* **WHAT THE EXERCISE ASKS**
Go through the data line by line from the top, retyping each exactly, and end with the line that contains "fun p => (L (sval p).1 (sval p).2)%:R.".

━━━━━ RECORDS FOR PROCESSING ━━━━━

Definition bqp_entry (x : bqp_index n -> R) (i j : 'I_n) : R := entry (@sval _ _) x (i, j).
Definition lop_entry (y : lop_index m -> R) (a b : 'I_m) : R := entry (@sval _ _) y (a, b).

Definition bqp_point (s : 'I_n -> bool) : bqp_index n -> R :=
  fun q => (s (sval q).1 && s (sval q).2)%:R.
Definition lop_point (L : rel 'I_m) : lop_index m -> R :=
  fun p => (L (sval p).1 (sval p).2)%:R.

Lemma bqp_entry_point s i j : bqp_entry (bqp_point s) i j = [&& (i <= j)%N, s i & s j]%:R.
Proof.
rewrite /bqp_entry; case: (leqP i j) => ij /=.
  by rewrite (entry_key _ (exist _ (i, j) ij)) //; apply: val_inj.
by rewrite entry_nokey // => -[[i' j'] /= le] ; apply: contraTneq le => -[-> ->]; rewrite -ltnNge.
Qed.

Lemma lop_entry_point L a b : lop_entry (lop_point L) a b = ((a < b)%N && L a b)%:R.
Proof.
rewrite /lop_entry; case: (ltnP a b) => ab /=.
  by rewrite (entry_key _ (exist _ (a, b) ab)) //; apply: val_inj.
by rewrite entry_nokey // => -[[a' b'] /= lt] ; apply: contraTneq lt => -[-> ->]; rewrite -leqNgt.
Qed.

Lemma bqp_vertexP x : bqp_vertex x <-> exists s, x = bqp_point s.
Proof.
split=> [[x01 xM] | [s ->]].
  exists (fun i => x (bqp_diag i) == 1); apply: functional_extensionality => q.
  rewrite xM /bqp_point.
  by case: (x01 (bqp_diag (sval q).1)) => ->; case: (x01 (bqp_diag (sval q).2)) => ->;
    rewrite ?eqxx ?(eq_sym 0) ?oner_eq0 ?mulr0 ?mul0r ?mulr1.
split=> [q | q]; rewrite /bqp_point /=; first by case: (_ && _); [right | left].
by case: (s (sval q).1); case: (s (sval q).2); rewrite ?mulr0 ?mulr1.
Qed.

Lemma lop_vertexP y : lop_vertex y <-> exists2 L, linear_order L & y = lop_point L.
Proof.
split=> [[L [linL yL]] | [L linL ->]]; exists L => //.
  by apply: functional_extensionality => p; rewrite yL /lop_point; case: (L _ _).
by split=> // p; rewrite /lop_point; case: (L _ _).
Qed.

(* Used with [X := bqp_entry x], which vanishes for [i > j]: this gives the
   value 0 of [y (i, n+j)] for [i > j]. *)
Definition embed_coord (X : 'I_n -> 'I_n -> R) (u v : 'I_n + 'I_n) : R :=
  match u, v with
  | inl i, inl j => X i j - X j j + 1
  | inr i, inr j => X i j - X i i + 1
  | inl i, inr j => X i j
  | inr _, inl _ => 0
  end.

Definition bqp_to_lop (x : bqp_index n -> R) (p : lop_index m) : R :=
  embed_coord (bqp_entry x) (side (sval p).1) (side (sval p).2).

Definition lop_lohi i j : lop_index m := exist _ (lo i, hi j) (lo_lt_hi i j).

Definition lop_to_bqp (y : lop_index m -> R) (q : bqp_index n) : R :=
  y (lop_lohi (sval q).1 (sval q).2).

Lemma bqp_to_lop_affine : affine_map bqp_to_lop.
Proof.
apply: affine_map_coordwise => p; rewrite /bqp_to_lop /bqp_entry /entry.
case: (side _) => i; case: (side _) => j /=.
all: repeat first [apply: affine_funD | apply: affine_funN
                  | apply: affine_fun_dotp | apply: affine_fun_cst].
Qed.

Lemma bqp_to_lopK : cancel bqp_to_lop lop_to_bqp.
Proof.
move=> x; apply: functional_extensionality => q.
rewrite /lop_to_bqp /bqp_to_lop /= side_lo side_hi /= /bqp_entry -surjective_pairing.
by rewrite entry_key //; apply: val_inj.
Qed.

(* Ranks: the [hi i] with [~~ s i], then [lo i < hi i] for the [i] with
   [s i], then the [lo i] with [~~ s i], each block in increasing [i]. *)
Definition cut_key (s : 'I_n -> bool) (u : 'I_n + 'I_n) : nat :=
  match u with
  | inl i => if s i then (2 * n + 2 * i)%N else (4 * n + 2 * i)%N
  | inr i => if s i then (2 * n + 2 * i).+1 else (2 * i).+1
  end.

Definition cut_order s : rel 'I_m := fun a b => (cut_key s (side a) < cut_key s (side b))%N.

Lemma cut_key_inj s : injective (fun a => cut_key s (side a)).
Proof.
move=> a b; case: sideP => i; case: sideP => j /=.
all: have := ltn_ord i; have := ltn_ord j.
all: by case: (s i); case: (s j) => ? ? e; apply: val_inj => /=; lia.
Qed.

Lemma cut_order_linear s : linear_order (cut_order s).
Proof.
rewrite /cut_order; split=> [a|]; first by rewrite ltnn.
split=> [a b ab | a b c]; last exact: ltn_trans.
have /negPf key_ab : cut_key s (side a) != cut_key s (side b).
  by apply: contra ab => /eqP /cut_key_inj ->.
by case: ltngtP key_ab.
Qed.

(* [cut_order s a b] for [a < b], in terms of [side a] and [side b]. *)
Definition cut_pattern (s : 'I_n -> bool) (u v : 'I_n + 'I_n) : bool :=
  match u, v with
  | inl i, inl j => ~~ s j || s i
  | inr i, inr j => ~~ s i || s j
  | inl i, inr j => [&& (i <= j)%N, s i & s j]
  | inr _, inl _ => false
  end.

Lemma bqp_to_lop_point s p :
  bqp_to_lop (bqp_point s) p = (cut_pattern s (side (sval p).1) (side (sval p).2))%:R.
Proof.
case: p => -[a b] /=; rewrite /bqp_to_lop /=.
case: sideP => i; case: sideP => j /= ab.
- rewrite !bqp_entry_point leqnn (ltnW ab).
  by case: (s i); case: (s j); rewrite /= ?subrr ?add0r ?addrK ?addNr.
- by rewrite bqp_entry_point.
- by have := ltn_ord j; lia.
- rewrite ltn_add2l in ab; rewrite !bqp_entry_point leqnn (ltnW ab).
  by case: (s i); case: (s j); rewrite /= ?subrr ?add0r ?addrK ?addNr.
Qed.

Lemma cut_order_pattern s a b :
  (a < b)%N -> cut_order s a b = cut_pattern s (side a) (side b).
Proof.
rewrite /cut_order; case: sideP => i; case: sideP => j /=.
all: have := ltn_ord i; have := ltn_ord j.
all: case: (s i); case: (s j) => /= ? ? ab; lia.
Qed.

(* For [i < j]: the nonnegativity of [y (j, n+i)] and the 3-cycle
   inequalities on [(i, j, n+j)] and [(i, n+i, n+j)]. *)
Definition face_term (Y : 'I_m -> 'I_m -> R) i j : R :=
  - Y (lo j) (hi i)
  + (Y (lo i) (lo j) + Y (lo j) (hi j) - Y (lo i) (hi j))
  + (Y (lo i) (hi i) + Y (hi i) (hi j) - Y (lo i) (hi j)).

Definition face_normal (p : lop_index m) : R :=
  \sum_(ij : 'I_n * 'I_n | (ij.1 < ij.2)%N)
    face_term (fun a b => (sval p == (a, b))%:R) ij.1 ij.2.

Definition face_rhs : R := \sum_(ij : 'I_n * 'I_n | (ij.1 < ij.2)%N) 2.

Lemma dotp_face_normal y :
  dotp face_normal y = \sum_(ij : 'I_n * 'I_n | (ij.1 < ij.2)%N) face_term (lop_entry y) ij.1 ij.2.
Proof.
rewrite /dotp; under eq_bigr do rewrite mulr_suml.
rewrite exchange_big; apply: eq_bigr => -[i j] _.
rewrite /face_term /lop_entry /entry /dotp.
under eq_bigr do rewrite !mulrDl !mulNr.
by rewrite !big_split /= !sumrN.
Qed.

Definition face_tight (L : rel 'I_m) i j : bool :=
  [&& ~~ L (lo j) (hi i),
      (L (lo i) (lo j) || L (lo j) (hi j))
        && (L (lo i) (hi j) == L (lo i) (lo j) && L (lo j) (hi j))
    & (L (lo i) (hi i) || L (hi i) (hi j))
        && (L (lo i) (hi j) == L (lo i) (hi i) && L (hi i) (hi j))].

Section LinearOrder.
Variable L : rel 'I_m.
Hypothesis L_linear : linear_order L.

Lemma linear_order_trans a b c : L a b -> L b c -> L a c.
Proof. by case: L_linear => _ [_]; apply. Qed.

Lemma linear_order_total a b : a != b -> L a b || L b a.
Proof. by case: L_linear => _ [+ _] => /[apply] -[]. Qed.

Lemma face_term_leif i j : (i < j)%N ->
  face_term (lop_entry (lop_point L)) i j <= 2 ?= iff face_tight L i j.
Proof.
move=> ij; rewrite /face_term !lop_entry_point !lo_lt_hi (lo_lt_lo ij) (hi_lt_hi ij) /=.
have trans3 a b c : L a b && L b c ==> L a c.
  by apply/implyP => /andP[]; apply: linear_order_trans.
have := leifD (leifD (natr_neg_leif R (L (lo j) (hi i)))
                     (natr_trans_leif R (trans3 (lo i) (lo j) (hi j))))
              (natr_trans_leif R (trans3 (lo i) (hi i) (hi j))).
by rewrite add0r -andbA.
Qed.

━━━━━

* **COMPLETED TASK**
Definition bqp_entry (x : bqp_index n -> R) (i j : 'I_n) : R := entry (@sval _ _) x (i, j).
Definition lop_entry (y : lop_index m -> R) (a b : 'I_m) : R := entry (@sval _ _) y (a, b).

Definition bqp_point (s : 'I_n -> bool) : bqp_index n -> R :=
  fun q => (s (sval q).1 && s (sval q).2)%:R.
Definition lop_point (L : rel 'I_m) : lop_index m -> R :=
  fun p => (L (sval p).1 (sval p).2)%:R.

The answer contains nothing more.